→ Your task
Repeat exactly the lines below that lie between the line with "unfold vadd, vscale;" and the line with "apply (uniqueness_limite (fun", counting both of those lines as part of the answer.

→ Saved data entries

****

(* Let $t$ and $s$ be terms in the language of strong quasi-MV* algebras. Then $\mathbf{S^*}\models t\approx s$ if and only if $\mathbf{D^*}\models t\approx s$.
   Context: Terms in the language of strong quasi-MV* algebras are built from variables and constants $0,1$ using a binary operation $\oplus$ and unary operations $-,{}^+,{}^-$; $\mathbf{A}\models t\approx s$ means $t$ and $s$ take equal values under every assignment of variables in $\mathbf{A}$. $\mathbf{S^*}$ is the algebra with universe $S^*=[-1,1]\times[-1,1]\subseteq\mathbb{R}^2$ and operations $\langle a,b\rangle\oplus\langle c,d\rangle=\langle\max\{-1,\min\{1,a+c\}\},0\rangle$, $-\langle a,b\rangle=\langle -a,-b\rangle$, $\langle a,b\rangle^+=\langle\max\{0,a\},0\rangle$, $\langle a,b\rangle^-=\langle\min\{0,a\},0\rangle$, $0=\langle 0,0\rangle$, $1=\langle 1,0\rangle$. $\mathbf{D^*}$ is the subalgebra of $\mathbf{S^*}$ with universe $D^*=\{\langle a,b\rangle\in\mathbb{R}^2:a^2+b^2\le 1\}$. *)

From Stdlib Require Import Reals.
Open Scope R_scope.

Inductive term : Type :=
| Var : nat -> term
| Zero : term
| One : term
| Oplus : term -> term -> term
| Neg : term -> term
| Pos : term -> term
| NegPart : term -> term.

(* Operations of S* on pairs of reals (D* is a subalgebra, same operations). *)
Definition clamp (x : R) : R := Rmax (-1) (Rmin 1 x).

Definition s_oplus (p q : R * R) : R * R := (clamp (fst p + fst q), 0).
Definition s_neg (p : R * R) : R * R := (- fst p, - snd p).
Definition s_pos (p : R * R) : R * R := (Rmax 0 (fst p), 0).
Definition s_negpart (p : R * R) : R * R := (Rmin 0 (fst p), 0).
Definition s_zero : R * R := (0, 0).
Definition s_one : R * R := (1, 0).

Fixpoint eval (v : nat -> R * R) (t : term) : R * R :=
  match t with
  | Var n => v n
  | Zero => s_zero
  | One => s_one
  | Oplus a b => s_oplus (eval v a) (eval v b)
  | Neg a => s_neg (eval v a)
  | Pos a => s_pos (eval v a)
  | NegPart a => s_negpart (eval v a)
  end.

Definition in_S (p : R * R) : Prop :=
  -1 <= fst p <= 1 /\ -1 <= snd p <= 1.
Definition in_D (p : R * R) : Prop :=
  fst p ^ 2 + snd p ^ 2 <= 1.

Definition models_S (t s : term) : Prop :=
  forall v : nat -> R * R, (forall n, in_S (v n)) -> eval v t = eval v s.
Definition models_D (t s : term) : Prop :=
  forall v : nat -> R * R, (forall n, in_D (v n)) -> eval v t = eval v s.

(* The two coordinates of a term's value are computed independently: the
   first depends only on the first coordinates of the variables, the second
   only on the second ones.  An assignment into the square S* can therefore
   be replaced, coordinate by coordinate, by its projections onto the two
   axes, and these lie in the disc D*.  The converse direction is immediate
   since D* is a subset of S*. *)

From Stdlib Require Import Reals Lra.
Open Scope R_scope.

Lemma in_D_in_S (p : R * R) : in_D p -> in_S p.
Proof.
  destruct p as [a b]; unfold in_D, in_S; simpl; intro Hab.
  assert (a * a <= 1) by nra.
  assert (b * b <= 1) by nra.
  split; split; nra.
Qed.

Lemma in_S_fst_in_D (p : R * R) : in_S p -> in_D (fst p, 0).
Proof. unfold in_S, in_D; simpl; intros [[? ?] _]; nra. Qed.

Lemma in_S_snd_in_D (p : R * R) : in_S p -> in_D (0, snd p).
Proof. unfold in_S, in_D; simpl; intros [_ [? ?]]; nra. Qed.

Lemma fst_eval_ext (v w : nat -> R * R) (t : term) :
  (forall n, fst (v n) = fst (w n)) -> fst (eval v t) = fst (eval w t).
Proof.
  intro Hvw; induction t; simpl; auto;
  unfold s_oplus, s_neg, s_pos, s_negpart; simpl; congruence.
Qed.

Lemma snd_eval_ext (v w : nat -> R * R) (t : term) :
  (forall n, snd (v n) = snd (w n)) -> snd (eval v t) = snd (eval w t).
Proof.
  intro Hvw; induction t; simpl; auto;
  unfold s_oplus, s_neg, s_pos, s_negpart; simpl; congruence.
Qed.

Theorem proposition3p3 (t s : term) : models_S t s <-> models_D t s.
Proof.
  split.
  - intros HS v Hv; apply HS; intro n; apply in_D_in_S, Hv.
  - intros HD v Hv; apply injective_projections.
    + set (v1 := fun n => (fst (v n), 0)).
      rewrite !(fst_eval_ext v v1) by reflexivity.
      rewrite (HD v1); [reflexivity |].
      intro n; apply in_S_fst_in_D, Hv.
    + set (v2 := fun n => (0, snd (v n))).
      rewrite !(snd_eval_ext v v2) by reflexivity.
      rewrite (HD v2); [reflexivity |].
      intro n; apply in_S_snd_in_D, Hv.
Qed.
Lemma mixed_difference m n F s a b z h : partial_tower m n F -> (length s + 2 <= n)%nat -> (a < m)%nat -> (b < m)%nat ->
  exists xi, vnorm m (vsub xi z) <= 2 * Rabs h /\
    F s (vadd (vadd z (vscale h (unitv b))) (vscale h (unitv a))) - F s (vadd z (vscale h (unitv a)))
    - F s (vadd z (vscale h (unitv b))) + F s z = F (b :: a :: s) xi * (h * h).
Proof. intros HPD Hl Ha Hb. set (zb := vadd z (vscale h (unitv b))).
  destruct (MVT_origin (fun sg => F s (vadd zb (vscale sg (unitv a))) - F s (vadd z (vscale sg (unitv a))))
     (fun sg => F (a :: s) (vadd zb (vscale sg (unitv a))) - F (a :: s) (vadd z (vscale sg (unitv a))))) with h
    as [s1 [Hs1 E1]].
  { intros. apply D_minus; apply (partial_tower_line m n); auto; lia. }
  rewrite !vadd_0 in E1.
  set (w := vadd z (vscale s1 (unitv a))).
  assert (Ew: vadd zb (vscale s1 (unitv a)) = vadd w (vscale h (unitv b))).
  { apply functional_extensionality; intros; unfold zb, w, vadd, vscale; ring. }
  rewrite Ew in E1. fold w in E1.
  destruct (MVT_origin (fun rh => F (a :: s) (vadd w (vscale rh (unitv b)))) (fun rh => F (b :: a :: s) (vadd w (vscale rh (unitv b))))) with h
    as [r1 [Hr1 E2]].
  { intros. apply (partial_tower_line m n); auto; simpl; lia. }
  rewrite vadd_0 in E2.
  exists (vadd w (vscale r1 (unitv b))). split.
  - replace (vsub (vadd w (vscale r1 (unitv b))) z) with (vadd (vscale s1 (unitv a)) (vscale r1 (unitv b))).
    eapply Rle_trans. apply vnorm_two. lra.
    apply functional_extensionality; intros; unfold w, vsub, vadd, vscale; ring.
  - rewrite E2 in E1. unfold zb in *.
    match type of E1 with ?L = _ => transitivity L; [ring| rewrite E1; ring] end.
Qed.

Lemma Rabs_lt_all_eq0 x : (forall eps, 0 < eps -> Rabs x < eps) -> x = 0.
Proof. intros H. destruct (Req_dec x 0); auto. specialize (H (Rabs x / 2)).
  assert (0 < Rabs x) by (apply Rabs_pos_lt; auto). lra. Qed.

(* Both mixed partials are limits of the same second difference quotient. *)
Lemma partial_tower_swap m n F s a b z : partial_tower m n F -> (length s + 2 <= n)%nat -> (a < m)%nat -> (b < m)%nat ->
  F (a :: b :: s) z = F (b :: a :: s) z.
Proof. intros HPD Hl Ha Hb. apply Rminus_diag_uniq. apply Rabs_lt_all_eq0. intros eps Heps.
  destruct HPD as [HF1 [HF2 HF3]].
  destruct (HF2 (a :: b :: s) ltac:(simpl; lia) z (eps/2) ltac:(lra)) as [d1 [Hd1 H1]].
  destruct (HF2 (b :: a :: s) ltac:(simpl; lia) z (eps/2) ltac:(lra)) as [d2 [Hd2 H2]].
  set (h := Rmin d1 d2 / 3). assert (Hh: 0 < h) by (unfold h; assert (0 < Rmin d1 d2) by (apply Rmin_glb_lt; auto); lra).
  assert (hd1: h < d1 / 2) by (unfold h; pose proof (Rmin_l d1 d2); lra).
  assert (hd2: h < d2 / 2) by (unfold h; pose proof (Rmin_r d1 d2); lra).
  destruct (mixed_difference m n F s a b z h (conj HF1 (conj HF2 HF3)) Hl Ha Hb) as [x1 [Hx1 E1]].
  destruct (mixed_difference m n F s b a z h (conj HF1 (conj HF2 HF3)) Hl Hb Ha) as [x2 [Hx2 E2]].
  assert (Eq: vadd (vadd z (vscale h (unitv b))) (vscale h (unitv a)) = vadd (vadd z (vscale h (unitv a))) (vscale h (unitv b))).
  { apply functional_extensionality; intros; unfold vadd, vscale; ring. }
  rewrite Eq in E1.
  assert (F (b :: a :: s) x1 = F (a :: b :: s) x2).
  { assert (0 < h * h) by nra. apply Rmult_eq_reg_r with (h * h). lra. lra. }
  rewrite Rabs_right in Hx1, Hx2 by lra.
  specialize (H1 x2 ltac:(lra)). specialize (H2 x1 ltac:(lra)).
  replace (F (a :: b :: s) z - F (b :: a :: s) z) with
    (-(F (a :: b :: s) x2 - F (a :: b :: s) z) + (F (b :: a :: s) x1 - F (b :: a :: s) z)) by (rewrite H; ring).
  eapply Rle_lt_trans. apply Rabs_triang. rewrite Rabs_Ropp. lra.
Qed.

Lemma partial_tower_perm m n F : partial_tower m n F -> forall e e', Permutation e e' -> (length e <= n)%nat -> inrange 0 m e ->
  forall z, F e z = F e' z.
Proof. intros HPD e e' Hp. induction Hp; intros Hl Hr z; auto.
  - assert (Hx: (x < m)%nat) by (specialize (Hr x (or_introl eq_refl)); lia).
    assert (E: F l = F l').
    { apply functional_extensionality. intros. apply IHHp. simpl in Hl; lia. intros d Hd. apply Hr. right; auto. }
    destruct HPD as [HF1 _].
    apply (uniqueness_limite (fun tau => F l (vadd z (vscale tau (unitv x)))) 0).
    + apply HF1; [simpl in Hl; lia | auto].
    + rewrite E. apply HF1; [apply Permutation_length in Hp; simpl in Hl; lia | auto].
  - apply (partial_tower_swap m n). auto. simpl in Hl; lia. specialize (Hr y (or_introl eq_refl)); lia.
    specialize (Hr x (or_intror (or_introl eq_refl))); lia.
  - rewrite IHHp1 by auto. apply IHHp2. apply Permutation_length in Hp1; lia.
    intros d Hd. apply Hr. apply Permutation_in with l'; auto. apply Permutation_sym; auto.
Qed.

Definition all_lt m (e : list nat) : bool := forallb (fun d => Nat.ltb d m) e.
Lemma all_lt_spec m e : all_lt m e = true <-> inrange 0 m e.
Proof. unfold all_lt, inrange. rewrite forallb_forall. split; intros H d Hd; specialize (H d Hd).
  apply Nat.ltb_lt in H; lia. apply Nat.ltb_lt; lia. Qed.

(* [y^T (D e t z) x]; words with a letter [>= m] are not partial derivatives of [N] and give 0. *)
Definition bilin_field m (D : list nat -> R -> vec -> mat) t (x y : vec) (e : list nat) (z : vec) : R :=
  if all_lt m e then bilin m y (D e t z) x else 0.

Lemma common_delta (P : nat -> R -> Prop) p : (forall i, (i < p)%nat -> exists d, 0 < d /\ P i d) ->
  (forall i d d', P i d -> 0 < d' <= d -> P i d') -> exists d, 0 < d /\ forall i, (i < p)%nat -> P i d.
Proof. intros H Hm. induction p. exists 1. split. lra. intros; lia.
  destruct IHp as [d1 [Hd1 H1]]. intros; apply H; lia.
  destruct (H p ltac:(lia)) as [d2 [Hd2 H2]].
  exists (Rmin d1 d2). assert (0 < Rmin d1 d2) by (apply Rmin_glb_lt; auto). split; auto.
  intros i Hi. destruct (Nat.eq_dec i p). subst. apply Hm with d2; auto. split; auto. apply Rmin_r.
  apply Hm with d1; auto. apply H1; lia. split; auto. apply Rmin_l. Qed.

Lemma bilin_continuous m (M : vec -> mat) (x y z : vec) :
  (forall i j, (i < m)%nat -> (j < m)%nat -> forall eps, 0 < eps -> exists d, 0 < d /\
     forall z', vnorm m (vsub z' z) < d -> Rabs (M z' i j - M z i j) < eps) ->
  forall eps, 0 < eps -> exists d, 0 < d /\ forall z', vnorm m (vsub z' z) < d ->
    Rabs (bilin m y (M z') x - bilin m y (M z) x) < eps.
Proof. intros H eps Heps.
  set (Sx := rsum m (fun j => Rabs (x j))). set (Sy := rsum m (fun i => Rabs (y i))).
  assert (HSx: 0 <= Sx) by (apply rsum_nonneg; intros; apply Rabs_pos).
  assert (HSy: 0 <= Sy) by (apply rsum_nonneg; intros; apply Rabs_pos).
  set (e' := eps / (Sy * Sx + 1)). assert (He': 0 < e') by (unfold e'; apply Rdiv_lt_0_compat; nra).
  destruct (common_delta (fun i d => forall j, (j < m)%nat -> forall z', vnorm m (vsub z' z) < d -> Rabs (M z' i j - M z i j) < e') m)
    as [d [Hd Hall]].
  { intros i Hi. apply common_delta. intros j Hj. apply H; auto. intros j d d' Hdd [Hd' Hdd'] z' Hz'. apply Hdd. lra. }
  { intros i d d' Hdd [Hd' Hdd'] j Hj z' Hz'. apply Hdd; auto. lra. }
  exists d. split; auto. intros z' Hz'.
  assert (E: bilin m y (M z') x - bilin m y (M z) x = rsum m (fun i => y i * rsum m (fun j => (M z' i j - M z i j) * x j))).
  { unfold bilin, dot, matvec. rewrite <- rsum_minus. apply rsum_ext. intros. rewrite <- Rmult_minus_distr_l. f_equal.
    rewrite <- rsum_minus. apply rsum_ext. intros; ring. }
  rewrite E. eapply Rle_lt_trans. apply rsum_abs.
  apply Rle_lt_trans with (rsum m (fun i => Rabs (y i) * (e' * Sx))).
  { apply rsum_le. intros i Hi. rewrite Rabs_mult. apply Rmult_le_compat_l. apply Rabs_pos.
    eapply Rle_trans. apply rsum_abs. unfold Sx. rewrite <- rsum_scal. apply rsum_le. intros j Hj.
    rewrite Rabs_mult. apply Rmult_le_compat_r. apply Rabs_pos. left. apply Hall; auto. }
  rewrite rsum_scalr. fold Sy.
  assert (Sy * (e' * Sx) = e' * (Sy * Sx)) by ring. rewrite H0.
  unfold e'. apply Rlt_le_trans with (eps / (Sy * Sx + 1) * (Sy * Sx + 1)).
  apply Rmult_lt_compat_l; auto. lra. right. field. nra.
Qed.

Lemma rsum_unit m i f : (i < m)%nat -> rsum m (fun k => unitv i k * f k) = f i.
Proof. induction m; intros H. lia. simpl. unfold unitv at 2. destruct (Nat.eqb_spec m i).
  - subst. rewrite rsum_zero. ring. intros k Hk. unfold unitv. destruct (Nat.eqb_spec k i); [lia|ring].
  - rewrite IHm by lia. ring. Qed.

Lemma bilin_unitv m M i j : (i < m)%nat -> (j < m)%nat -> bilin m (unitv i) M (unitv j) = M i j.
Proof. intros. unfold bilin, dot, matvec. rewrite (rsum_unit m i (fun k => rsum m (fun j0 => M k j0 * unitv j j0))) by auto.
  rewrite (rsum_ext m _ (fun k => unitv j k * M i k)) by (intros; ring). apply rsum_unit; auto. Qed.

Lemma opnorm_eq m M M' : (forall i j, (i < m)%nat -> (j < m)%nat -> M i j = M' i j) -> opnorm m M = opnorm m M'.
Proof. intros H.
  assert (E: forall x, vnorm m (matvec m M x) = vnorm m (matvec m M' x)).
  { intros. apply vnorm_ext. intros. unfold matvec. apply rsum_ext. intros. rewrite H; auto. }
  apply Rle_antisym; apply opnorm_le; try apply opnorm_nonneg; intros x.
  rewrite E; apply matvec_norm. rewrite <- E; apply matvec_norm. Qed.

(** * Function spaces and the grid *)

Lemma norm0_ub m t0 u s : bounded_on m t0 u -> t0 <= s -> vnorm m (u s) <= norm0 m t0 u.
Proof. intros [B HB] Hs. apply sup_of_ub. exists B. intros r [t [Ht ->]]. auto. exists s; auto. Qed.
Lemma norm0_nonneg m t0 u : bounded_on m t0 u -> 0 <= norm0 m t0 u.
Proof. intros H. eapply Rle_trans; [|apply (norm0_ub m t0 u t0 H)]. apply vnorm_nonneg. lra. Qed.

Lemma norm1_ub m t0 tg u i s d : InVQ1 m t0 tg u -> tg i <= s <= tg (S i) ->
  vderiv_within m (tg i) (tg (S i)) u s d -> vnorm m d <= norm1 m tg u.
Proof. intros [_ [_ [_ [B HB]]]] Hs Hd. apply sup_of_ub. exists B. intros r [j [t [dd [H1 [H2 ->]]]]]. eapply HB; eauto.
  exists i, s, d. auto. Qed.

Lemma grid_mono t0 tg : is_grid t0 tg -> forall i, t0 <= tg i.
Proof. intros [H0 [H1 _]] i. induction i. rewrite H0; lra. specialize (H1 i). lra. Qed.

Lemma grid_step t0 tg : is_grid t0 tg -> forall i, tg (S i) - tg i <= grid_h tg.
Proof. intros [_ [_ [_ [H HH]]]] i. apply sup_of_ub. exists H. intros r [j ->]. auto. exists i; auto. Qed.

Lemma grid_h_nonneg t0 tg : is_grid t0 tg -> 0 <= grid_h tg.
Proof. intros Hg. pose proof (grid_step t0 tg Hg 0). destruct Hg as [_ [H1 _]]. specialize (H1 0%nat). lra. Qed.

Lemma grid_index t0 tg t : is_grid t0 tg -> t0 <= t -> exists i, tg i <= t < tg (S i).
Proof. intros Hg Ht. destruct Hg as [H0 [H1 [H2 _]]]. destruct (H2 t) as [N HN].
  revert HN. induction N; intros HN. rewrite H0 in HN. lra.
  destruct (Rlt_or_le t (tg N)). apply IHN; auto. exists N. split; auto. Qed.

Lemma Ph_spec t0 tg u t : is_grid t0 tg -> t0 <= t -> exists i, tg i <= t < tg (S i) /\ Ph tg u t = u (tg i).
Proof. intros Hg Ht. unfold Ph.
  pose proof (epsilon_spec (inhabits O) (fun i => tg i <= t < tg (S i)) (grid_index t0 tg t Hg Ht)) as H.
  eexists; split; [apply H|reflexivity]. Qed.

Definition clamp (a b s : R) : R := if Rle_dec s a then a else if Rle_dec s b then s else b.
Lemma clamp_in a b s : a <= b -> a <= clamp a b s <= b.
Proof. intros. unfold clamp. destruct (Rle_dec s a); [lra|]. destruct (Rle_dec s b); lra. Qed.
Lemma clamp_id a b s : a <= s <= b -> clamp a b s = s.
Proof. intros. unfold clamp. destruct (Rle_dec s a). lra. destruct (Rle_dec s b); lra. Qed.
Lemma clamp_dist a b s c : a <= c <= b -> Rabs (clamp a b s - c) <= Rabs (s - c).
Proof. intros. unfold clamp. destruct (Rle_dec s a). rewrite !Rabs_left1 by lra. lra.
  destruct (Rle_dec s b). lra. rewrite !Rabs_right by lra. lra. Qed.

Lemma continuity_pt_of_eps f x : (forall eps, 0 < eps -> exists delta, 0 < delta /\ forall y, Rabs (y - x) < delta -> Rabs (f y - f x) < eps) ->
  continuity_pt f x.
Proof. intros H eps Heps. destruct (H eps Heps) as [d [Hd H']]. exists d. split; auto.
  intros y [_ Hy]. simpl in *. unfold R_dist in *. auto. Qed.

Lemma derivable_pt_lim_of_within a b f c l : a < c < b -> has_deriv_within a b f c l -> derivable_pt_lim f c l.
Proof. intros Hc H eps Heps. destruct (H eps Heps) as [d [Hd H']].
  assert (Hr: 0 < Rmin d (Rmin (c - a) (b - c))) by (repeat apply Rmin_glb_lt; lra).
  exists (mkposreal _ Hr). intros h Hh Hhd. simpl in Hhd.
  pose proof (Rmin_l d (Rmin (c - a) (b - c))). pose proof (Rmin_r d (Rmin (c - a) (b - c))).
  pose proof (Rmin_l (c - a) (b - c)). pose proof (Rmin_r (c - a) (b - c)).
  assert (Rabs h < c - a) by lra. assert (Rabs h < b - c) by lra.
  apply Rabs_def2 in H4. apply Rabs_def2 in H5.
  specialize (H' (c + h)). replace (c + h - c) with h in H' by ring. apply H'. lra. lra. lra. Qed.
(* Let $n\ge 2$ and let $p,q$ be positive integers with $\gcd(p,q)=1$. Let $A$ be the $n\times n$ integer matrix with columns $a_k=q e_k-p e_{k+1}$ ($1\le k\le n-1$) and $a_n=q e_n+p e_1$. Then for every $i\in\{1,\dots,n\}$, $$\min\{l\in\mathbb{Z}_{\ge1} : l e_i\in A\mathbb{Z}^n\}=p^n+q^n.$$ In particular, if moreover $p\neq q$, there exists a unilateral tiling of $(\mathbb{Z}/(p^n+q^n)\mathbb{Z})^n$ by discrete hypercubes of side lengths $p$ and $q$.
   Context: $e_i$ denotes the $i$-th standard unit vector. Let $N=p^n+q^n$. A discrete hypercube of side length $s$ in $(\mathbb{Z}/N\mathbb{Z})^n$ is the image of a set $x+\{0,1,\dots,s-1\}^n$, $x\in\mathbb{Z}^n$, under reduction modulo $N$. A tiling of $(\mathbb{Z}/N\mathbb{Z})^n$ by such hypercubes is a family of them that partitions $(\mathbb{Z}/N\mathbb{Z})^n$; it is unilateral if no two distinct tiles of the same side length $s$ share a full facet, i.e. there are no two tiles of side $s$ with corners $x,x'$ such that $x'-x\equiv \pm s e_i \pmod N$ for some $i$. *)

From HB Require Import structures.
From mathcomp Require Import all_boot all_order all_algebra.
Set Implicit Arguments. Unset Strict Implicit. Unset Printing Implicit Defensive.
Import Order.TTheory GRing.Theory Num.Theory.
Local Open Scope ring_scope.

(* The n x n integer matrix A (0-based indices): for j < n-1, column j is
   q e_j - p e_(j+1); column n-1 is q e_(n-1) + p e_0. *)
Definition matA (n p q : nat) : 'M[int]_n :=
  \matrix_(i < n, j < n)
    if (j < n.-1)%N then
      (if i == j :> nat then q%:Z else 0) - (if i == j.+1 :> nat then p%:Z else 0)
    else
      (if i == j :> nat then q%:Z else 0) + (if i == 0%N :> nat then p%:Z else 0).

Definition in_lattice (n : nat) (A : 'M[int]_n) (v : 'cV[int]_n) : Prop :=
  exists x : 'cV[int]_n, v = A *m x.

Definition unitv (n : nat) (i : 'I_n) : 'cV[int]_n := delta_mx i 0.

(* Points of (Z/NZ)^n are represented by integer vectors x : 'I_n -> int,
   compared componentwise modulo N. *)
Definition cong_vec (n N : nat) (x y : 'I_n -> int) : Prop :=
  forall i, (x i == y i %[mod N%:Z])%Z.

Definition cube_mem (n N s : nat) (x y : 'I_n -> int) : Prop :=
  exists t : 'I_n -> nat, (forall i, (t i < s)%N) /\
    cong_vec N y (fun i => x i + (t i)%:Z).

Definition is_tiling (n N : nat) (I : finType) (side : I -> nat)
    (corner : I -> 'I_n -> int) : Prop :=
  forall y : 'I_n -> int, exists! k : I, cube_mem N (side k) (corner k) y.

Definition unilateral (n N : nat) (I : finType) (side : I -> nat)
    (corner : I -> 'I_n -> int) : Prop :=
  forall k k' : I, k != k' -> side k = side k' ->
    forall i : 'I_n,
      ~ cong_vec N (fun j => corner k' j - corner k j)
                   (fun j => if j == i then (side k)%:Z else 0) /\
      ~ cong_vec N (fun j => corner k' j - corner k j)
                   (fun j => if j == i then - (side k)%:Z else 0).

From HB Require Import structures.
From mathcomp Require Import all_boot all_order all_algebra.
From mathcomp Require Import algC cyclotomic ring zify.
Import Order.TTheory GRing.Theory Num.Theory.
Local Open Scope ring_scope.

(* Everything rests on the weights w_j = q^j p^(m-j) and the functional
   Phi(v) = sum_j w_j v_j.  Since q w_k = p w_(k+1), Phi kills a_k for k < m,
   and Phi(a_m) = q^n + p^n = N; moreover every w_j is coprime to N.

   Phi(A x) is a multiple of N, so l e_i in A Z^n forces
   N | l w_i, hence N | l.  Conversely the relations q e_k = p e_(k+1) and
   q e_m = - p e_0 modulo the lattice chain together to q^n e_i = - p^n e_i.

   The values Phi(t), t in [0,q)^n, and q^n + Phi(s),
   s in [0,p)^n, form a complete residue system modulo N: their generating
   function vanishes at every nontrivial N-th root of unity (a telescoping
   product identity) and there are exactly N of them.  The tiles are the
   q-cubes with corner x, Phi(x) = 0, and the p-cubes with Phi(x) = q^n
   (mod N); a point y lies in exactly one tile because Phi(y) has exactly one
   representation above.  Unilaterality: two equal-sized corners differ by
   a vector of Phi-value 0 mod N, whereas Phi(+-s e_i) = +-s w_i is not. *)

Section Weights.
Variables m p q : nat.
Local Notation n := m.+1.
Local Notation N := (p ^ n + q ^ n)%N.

****

→ Answer to this task
  { apply functional_extensionality; intros; unfold vadd, vscale; ring. }
  rewrite Eq in E1.
  assert (F (b :: a :: s) x1 = F (a :: b :: s) x2).
  { assert (0 < h * h) by nra. apply Rmult_eq_reg_r with (h * h). lra. lra. }
  rewrite Rabs_right in Hx1, Hx2 by lra.
  specialize (H1 x2 ltac:(lra)). specialize (H2 x1 ltac:(lra)).
  replace (F (a :: b :: s) z - F (b :: a :: s) z) with
    (-(F (a :: b :: s) x2 - F (a :: b :: s) z) + (F (b :: a :: s) x1 - F (b :: a :: s) z)) by (rewrite H; ring).
  eapply Rle_lt_trans. apply Rabs_triang. rewrite Rabs_Ropp. lra.
Qed.

Lemma partial_tower_perm m n F : partial_tower m n F -> forall e e', Permutation e e' -> (length e <= n)%nat -> inrange 0 m e ->
  forall z, F e z = F e' z.
Proof. intros HPD e e' Hp. induction Hp; intros Hl Hr z; auto.
  - assert (Hx: (x < m)%nat) by (specialize (Hr x (or_introl eq_refl)); lia).
    assert (E: F l = F l').
    { apply functional_extensionality. intros. apply IHHp. simpl in Hl; lia. intros d Hd. apply Hr. right; auto. }
    destruct HPD as [HF1 _].
    apply (uniqueness_limite (fun tau => F l (vadd z (vscale tau (unitv x)))) 0).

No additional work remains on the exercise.